I really am impressed with this recipe. I skipped the bread crumbs due to my hubby's allergies and just added a little chickpea flour. I used walnuts and other seeds instead of the pecans the first time I made it but now just leave them out all together. Skipped the soy cheese and soymilk and just used water and extra seasonings. The onion is nice but even that can be left out and this recipe is still awesome. I have to admit I need to go heavy with the spices but my very allergic to everything hubby really loves these. I add Italian seasonings and make "meatballs" ;)b I usually let mine set in the fridge overnight to absorb the flavorings and soften the oats. I'm so glad I found this recipe! It's so cheap and easy! And a great way to use oatmeal since I have a ton! They freeze well too which is nice because I like to just make a big batch and pull out the frozen patties for a quick meal. I even think I like this recipe better than most bean burgers I've tried! ;D

0 likes

This recipe was really easy to make and was absolutely delicious. I don't like nuts but I decided to go for it anyway and was really pleased. It's not an obvious recipe (i think) for a meat replacer but my boyfriend commented on how meaty it smelt (I think it was partly down to the sage).

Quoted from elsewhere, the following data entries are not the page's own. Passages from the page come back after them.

(* Let $\mathcal G=(V,E)$ be a connected DAG with $|V|\ge 3$ which has at least one subset $W\subseteq V$ of three vertices whose vertex-induced subgraph is connected, has a skeleton that is not the complete graph on three vertices, and is not a v-structure (i.e. not of the form $x\to z\leftarrow y$). Let $\mathcal A,\mathcal B$ be finite sets and $f:\mathcal A\to\mathcal B$ a surjection with $|\mathcal A|>|\mathcal B|>1$. Then $\hat f(\mathrm{im}(\mathcal G,\mathcal A))\not\subseteq \mathrm{im}(\mathcal G,\mathcal B)$; that is, there is a distribution on $\mathcal A^V$ factorising over $\mathcal G$ whose image under coordinatewise application of $f$ does not factorise over $\mathcal G$.
   Context: For a finite DAG $\mathcal G=(V,E)$ and a finite set $\mathcal C$, $\mathrm{im}(\mathcal G,\mathcal C)$ is the set of all probability distributions on $\mathcal C^V$ that factorise over $\mathcal G$, i.e. of the form $p(x)=\prod_{v\in V}q_v(x_v\mid x_{pa(v)})$ for conditional distributions $q_v$, where $pa(v)$ is the set of parents of $v$. For $f:\mathcal A\to\mathcal B$, $\hat f$ maps a distribution on $\mathcal A^V$ to its pushforward (image measure) on $\mathcal B^V$ under the coordinatewise map $(x_v)_v\mapsto(f(x_v))_v$. The vertex-induced subgraph on $W$ has vertex set $W$ and all edges of $E$ with both endpoints in $W$; its skeleton is the underlying undirected graph. *)

From HB Require Import structures.
From mathcomp Require Import all_boot all_order all_algebra.
From mathcomp Require Import reals.
Set Implicit Arguments. Unset Strict Implicit. Unset Printing Implicit Defensive.
Import Order.TTheory GRing.Theory Num.Theory.
Local Open Scope ring_scope.

(* A directed graph on a finite vertex type V is given by its edge relation E:
   E u v means u -> v. *)

Definition acyclic (V : finType) (E : rel V) : Prop :=
  forall u v : V, E u v -> ~~ connect E v u.
(* Let $r\in(R_c,R_0)$ and $\mathcal{F}\in\mathbb{R}$, and define $\kappa(s;r)=2(\mathcal{F}-\sigma(s;r))-(r-R(s))^2$ for $s>s_0$. Then $s\mapsto\kappa(s;r)$ is decreasing on $(s_0,s_-(r))$, increasing on $(s_-(r),s_+(r))$, and decreasing to $-\infty$ on $(s_+(r),+\infty)$.
   Context: Let $\omega:[0,1]\to\mathbb{R}$ be continuous, $\Omega(p)=\int_0^p\omega$, $s_0=\sqrt{\max_{[0,1]}2\Omega}$. For $s>s_0$: $H(p;s)=\int_0^p(s^2-2\Omega(\tau))^{-1/2}d\tau$, $d(s)=H(1;s)$, $R(s)=\tfrac12s^2-\Omega(1)+d(s)$. Let $s_c>s_0$ satisfy $\int_0^1(s_c^2-2\Omega)^{-3/2}dp=1$; $R$ decreases on $(s_0,s_c)$, increases to $+\infty$ on $(s_c,\infty)$; $R_c=R(s_c)$, $R_0=\lim_{s\to s_0+}R(s)\in(R_c,+\infty]$; for $r\in(R_c,R_0)$, $s_-(r)<s_c<s_+(r)$ are the two roots of $R(s)=r$. Also $\sigma(s;r)=\int_0^1\big(\frac{1}{2H_p(p;s)^2}-H(p;s)-\Omega(p)+\Omega(1)+r\big)H_p(p;s)\,dp$. In the paper $\mathcal{F}$ is the flow force constant of a given solution, but the statement holds for any fixed real $\mathcal{F}$. *)

From Stdlib Require Import Reals.
From Coquelicot Require Import Coquelicot.
Open Scope R_scope.

Definition Omega (omega : R -> R) (p : R) : R := RInt omega 0 p.

Definition Hp (omega : R -> R) (p s : R) : R := / sqrt (s ^ 2 - 2 * Omega omega p).
(* Suppose $f(x)=x^m\pm1$, and let $G=(g_{ij})$ be a $k\times l$ matrix over $A$ whose rows $g^{(1)},\ldots,g^{(k)}$ form a basis of divisors of an $A$-code $C$. For each $i$ let $d_i=\deg L_{\mathrm{coef}}(g^{(i)})$ and let $\alpha_i$ be the constant coefficient of $L_{\mathrm{coef}}(g^{(i)})$. Let $G'$ be the $k\times l$ matrix with entries $\alpha_i^{-1}x^{d_i}g_{ij}(x^{-1})$ (computed in $A$, where $x$ is invertible). Then the rows of $G'$ form a basis of divisors of the $A$-code $(C^\perp)^{\perp_{\mathbb{F}}}$.
   Context: Let $\mathbb{F}$ be a finite field, $f(x)\in\mathbb{F}[x]$ monic of degree $m$, $A=\mathbb{F}[x]/\langle f(x)\rangle$, elements identified with polynomials of degree $<m$. An $A$-code of length $l$ is an $A$-submodule of $A^l$; $C^\perp=\{a\in A^l:\sum_ia_ic_i=0\ \forall c\in C\}$. Identify $\sum_{i=0}^{m-1}a_ix^i\in A$ with $(a_0,\ldots,a_{m-1})\in\mathbb{F}^m$ and $A^l$ with $\mathbb{F}^{lm}$ by concatenation; $D^{\perp_{\mathbb{F}}}$ is the dual of $D$ with respect to the standard dot product on $\mathbb{F}^{lm}$, viewed in $A^l$. For $u\in A^l$, $L_{\mathrm{ind}}(u)$ is the smallest index of a nonzero entry ($\infty$ if $u=0$) and $L_{\mathrm{coef}}(u)$ that entry. For nonzero $C$, $L_{\mathrm{ind}}(C)=\min_{u\in C}L_{\mathrm{ind}}(u)$; $L_{\mathrm{coef}}(C)$ is the monic polynomial $g$ of minimum degree such that some $c\in C$ has $L_{\mathrm{ind}}(c)=L_{\mathrm{ind}}(C)$ and $L_{\mathrm{coef}}(c)=g$ (such $c$ is a leading element). $C^{(1)}=C$, $C^{(n+1)}=\{c\in C^{(n)}:L_{\mathrm{ind}}(c)>L_{\mathrm{ind}}(C^{(n)})\}$ while $C^{(n)}\ne0$; with $k$ largest such that $C^{(k)}\neq0$, a tuple $(g^{(1)},\ldots,g^{(k)})$ with $g^{(j)}$ a leading element of $C^{(j)}$ is a basis of divisors of $C$. *)

From HB Require Import structures.
From mathcomp Require Import all_boot all_order all_algebra.
Set Implicit Arguments. Unset Strict Implicit. Unset Printing Implicit Defensive.
Import Order.TTheory GRing.Theory Num.Theory.
Local Open Scope ring_scope.

(* An element of A = F[x]/<f> is its coefficient vector (a_0,...,a_{m-1})
   : 'rV[F]_m.  An element of A^l is an l x m matrix over F whose i-th row is
   the i-th entry (so A^l = F^{lm} by concatenation of the rows).
   Indices of entries are 0-based: index i : 'I_l; "infinity" is encoded by l. *)

Section Defs.
Variables (F : finFieldType) (m l : nat) (eps : F).

Definition fpoly : {poly F} := 'X^m + eps%:P.

Definition toP (a : 'rV[F]_m) : {poly F} := rVpoly a.
Definition ofP (p : {poly F}) : 'rV[F]_m := poly_rV (p %% fpoly).

Definition mulA (a b : 'rV[F]_m) : 'rV[F]_m := ofP (toP a * toP b).

Definition scaleA (a : 'rV[F]_m) (u : 'M[F]_(l, m)) : 'M[F]_(l, m) :=
  \matrix_(i < l) mulA a (row i u).

Definition is_Acode (C : {set 'M[F]_(l, m)}) : Prop :=
  [/\ 0 \in C,
      (forall u v, u \in C -> v \in C -> u + v \in C) &
      (forall a u, u \in C -> scaleA a u \in C)].

Definition formA (a c : 'M[F]_(l, m)) : 'rV[F]_m :=
  \sum_(i < l) mulA (row i a) (row i c).
Definition dualA (C : {set 'M[F]_(l, m)}) : {set 'M[F]_(l, m)} :=
  [set a | [forall c in C, formA a c == 0]].

Definition dotF (u v : 'M[F]_(l, m)) : F := \sum_(i < l) \sum_(j < m) u i j * v i j.
Definition dualF (D : {set 'M[F]_(l, m)}) : {set 'M[F]_(l, m)} :=
  [set v | [forall u in D, dotF u v == 0]].

(* L_ind(u): smallest index of a nonzero entry, l (= infinity) if u = 0 *)
Definition Lind (u : 'M[F]_(l, m)) : nat :=
  find (fun i : 'I_l => row i u != 0) (enum 'I_l).
Definition Lcoef (u : 'M[F]_(l, m)) : {poly F} :=
  toP (nth 0 [seq row i u | i <- enum 'I_l] (Lind u)).

Definition LindS (C : {set 'M[F]_(l, m)}) : nat := \big[minn/l]_(c in C) Lind c.

Definition nonzero_set (C : {set 'M[F]_(l, m)}) : bool := [exists c in C, c != 0].

Definition is_leading (C : {set 'M[F]_(l, m)}) (c : 'M[F]_(l, m)) : Prop :=
  [/\ c \in C, Lind c = LindS C, Lcoef c \is monic &
      forall c', c' \in C -> Lind c' = LindS C -> Lcoef c' \is monic ->
        (size (Lcoef c) <= size (Lcoef c'))%N].

(* Csub C n = C^{(n+1)} of the paper (0-based) *)
Fixpoint Csub (C : {set 'M[F]_(l, m)}) (n : nat) : {set 'M[F]_(l, m)} :=
  if n is n'.+1 then [set c in Csub C n' | (LindS (Csub C n') < Lind c)%N]
  else C.

(* (G 0, ..., G (k-1)) is a basis of divisors of C (G j = g^{(j+1)}) *)
Definition basis_of_divisors (C : {set 'M[F]_(l, m)}) (k : nat)
  (G : 'I_k -> 'M[F]_(l, m)) : Prop :=
  [/\ (forall n, (n < k)%N -> nonzero_set (Csub C n)),
      (forall n, (k <= n)%N -> ~~ nonzero_set (Csub C n)) &
      forall j : 'I_k, is_leading (Csub C j) (G j)].

(* x^{-1} in A:  x^m = -eps, so x^{-1} = -eps x^{m-1} (eps^2 = 1) *)
Definition xinvP : {poly F} := (- eps) *: 'X^(m.-1).

(* the transformed matrix G': entry (i,j) = alpha_i^{-1} x^{d_i} g_ij(x^{-1}) in A,
   d_i = deg L_coef(g^(i)), alpha_i = constant coefficient of L_coef(g^(i)).
   g(x^{-1}) is computed as the composition g \Po xinvP reduced mod f. *)
Definition reciprocal_basis (k : nat) (G : 'I_k -> 'M[F]_(l, m)) : 'I_k -> 'M[F]_(l, m) :=
  fun i => \matrix_(j < l)
    let g := Lcoef (G i) in
    ofP (((g`_0)^-1) *: ('X^((size g).-1) * (toP (row j (G i)) \Po xinvP))).

End Defs.

(* Over A = F[x]/<x^m + eps> with eps^2 = 1, x is a unit and a(x) |-> a(x^-1) is an
   involutive ring automorphism sigma of A; its row-wise extension to A^l is [star].
   The constant coefficient of a * b is the dot product of a with sigma b, hence
   C^perp = (star C)^perp_F and (C^perp)^perp_F = star C.  As [star] preserves
   leading indices, it maps the chain C^(n) onto the chain of star C.
   If g is a leading element of C whose leading coefficient q has degree d, then
   x^d star(g) lies in star C with leading coefficient the reversal of q.  Reversing
   twice would strictly lower the degree if q(0) = 0, so minimality of d forces
   q(0) <> 0; then q(0)^-1 x^d star(g) is monic of degree d, and it is minimal in
   star C because reversing a competitor back into C does not raise its degree. *)

From Pilot Require Import Defs.
From HB Require Import structures.
From mathcomp Require Import all_boot all_order all_algebra.
From mathcomp Require Import zify.
Set Implicit Arguments. Unset Strict Implicit. Unset Printing Implicit Defensive.
Import Order.TTheory GRing.Theory.
Local Open Scope ring_scope.

Section DoubleDual.
Variables (F : finFieldType) (m l : nat).
Local Notation M := 'M[F]_(l, m).

Lemma dotF_mxvec (u v : M) : dotF u v = (mxvec u *m (mxvec v)^T) 0 0.
Proof.
rewrite mxE (reindex _ (curry_mxvec_bij _ _)) /= /dotF pair_big /=.
by apply: eq_bigr => [[i j]] _; rewrite /= mxE !mxvecE.
Qed.

Lemma dotFC (u v : M) : dotF u v = dotF v u.
Proof. by apply: eq_bigr => i _; apply: eq_bigr => j _; rewrite mulrC. Qed.

Lemma dualF_dualF (S : {set M}) : 0 \in S ->
  (forall u v, u \in S -> v \in S -> u + v \in S) ->
  (forall (x : F) u, u \in S -> x *: u \in S) -> dualF (dualF S) = S.
Proof.
(* S is the row space of B and dualF S is spanned by the rows of K = ker B^T, so by
   rank-nullity the kernel of K^T, which contains B and the double dual, equals B. *)
move=> S0 SD SZ; set s := enum S.
pose B : 'M[F]_(size s, l * m) := \matrix_(i < size s) mxvec (nth 0 s i).
have row_B u : u \in S -> exists i, mxvec u = row i B.
  move=> uS; have ui : (index u s < size s)%N by rewrite index_mem mem_enum.
  by exists (Ordinal ui); rewrite rowK nth_index // mem_enum.
have sub_B (x : 'rV[F]_(l * m)) : (x <= B)%MS -> vec_mx x \in S.
  case/submxP => D ->; rewrite mulmx_sum_row linear_sum /=.
  apply: (big_ind (fun x => x \in S)) => //= i _.
  by rewrite linearZ /= rowK mxvecK SZ // -mem_enum mem_nth.
pose K := kermx B^T.
have BK : B *m K^T = 0 by rewrite -[B]trmxK -trmx_mul mulmx_ker trmx0.
apply/setP => w; apply/idP/idP; last first.
  move=> wS; rewrite inE; apply/forallP => v; apply/implyP; rewrite inE.
  by move/forallP/(_ w)/implyP/(_ wS); rewrite dotFC.
rewrite inE => /forallP w_dual.
have K_dual r : vec_mx (row r K) \in dualF S.
  rewrite inE; apply/forallP => u; apply/implyP => /row_B [i ui].
  rewrite dotF_mxvec ui vec_mxK; apply/eqP.
  have := congr1 (fun X : 'M_(_, _) => X i r) BK; rewrite !mxE => BKir.
  by rewrite -[RHS]BKir; apply: eq_bigr => k _; rewrite !mxE.
have wK : (mxvec w <= kermx K^T)%MS.
  rewrite sub_kermx; apply/eqP/rowP => r; rewrite !mxE.
  have := w_dual (vec_mx (row r K)); rewrite K_dual /= dotF_mxvec vec_mxK => /eqP wKr.
  by rewrite -[RHS]wKr mxE; apply: eq_bigr => k _; rewrite !mxE mulrC.
have sBK : (B <= kermx K^T)%MS by rewrite sub_kermx BK.
have rkK : \rank (kermx K^T) = \rank B.
  by rewrite mxrank_ker mxrank_tr mxrank_ker mxrank_tr subKn // rank_leq_col.
have := mxrank_leqif_eq sBK; rewrite rkK => /leqif_refl /andP [_ KB].
by rewrite -[w]mxvecK sub_B // (submx_trans wK).
Qed.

I added garlic salt and black pepper and ate them in a bun with a pineapple slice and some mayola. I honestly thought I could never make anything so tasty and will definitely be making them regularly. Thank you for sharing this recipe.

0 likes

My whole family loved this, even the kids.  We served it with gravy and a sausage, apple cornbread stuffing, as well as some steamed brussel sprots.  This is such a cheap meat alternative, and we will be making this regurally.  Maybe extras would be good chopped up and thrown into a casserole, or pasta?